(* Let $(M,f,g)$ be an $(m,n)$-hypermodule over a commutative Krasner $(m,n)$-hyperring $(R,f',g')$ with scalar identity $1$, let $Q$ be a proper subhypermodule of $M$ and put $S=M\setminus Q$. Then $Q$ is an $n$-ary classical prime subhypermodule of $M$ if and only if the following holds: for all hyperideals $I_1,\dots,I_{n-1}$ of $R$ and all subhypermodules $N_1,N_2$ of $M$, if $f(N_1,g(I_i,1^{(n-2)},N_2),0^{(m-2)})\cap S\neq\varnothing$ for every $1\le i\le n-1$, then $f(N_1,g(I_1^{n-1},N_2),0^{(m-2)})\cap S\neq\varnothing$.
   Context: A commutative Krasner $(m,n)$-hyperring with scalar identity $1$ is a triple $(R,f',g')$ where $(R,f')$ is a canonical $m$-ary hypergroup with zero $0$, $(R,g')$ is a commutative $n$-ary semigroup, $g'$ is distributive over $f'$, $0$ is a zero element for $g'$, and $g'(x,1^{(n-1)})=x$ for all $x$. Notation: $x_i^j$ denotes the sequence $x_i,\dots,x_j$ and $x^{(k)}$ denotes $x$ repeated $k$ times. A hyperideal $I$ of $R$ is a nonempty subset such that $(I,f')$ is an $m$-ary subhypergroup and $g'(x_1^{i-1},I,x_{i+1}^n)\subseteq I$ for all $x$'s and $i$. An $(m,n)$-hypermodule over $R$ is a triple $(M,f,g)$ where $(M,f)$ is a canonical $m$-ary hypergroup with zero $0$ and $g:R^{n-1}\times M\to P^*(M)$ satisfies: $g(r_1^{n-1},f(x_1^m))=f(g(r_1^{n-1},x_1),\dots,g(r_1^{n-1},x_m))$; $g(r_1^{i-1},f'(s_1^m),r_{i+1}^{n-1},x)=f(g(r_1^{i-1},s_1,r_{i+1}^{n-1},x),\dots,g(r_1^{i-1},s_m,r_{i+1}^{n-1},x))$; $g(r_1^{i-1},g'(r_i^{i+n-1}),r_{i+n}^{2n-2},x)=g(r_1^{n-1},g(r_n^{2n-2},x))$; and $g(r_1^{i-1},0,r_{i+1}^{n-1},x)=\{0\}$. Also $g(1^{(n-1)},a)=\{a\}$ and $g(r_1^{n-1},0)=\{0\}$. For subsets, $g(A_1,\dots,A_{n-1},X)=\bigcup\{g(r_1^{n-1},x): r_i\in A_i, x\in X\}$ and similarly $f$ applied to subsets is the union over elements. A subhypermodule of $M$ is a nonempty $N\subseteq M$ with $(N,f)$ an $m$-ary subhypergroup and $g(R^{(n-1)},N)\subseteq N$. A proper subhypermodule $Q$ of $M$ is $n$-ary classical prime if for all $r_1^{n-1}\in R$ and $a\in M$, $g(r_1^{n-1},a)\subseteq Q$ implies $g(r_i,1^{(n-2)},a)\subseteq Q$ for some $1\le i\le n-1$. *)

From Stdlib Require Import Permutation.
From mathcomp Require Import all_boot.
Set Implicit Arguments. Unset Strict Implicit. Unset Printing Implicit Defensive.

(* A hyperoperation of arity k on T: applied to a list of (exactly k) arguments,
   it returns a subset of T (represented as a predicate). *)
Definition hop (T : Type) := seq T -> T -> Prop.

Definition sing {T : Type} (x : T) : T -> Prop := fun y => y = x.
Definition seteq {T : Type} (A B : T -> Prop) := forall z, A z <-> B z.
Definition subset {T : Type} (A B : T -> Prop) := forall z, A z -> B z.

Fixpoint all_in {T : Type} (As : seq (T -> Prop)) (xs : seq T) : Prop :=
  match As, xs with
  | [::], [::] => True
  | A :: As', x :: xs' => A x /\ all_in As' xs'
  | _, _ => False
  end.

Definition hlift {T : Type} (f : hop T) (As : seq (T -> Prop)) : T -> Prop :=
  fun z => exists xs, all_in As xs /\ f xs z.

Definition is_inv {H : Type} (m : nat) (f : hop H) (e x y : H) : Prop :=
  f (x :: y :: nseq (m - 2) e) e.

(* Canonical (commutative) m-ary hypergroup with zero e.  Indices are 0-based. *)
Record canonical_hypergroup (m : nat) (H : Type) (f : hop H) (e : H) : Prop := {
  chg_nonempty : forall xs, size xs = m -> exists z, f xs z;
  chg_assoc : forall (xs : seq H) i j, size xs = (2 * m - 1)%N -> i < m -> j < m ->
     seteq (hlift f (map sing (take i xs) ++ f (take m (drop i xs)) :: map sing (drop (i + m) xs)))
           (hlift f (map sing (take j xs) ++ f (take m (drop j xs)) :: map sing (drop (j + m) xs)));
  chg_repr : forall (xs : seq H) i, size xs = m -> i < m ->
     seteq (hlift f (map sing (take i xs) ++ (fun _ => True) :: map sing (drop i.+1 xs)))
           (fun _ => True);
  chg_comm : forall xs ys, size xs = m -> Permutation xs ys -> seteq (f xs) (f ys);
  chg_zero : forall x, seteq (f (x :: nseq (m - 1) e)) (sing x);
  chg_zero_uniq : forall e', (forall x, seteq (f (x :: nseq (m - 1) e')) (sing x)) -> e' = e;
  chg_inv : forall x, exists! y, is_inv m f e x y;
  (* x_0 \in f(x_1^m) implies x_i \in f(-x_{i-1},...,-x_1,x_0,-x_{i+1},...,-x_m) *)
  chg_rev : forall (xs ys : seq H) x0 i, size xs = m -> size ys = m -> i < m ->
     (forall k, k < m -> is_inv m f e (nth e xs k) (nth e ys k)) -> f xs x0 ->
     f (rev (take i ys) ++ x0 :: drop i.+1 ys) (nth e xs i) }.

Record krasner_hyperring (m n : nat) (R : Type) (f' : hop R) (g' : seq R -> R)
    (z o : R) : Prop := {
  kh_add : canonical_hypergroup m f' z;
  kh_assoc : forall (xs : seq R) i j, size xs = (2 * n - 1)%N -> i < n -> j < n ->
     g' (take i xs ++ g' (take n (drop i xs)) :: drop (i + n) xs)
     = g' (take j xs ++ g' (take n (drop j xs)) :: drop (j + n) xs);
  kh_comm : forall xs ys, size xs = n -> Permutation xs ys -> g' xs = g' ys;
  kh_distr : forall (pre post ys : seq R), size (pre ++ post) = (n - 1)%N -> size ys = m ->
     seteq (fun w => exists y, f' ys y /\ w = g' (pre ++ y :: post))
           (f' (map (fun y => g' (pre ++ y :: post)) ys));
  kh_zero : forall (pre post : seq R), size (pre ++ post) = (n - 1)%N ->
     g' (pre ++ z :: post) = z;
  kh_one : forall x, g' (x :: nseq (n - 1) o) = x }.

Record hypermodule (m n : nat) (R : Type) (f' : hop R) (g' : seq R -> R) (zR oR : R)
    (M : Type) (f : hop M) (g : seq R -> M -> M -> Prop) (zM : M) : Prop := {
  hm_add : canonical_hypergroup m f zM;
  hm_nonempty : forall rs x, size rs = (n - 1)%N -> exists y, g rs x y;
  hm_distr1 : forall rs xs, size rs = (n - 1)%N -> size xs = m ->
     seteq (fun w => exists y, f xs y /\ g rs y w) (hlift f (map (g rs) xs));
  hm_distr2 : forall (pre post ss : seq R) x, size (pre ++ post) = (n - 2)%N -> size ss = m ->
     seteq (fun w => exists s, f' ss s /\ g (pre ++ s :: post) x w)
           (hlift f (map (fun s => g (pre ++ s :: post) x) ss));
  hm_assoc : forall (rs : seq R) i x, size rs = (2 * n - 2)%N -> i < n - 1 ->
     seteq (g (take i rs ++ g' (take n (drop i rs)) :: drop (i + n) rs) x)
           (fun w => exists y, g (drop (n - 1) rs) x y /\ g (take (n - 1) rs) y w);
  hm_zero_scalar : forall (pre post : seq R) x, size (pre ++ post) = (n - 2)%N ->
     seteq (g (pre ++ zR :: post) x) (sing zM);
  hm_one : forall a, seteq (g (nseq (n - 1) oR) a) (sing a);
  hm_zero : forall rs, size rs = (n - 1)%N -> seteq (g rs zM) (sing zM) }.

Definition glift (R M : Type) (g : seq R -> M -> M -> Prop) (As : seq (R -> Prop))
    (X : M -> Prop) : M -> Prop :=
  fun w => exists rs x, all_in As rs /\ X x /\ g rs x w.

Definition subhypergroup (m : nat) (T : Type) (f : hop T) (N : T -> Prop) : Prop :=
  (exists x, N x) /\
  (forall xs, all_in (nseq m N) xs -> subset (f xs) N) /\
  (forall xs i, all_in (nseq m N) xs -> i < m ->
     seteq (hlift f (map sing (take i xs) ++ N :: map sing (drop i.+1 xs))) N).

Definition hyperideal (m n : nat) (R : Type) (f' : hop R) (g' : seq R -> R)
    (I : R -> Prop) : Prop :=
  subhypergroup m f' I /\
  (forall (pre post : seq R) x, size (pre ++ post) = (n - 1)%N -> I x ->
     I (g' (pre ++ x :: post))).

+ + + +

- [WHAT TO PRODUCE]
Search the entries above for "nseq". Return every line that has it.

- [WRITTEN RESPONSE]
  f (x :: y :: nseq (m - 2) e) e.
  chg_zero : forall x, seteq (f (x :: nseq (m - 1) e)) (sing x);
  chg_zero_uniq : forall e', (forall x, seteq (f (x :: nseq (m - 1) e')) (sing x)) -> e' = e;
  kh_one : forall x, g' (x :: nseq (n - 1) o) = x }.
  hm_one : forall a, seteq (g (nseq (n - 1) oR) a) (sing a);
  (forall xs, all_in (nseq m N) xs -> subset (f xs) N) /\
  (forall xs i, all_in (nseq m N) xs -> i < m ->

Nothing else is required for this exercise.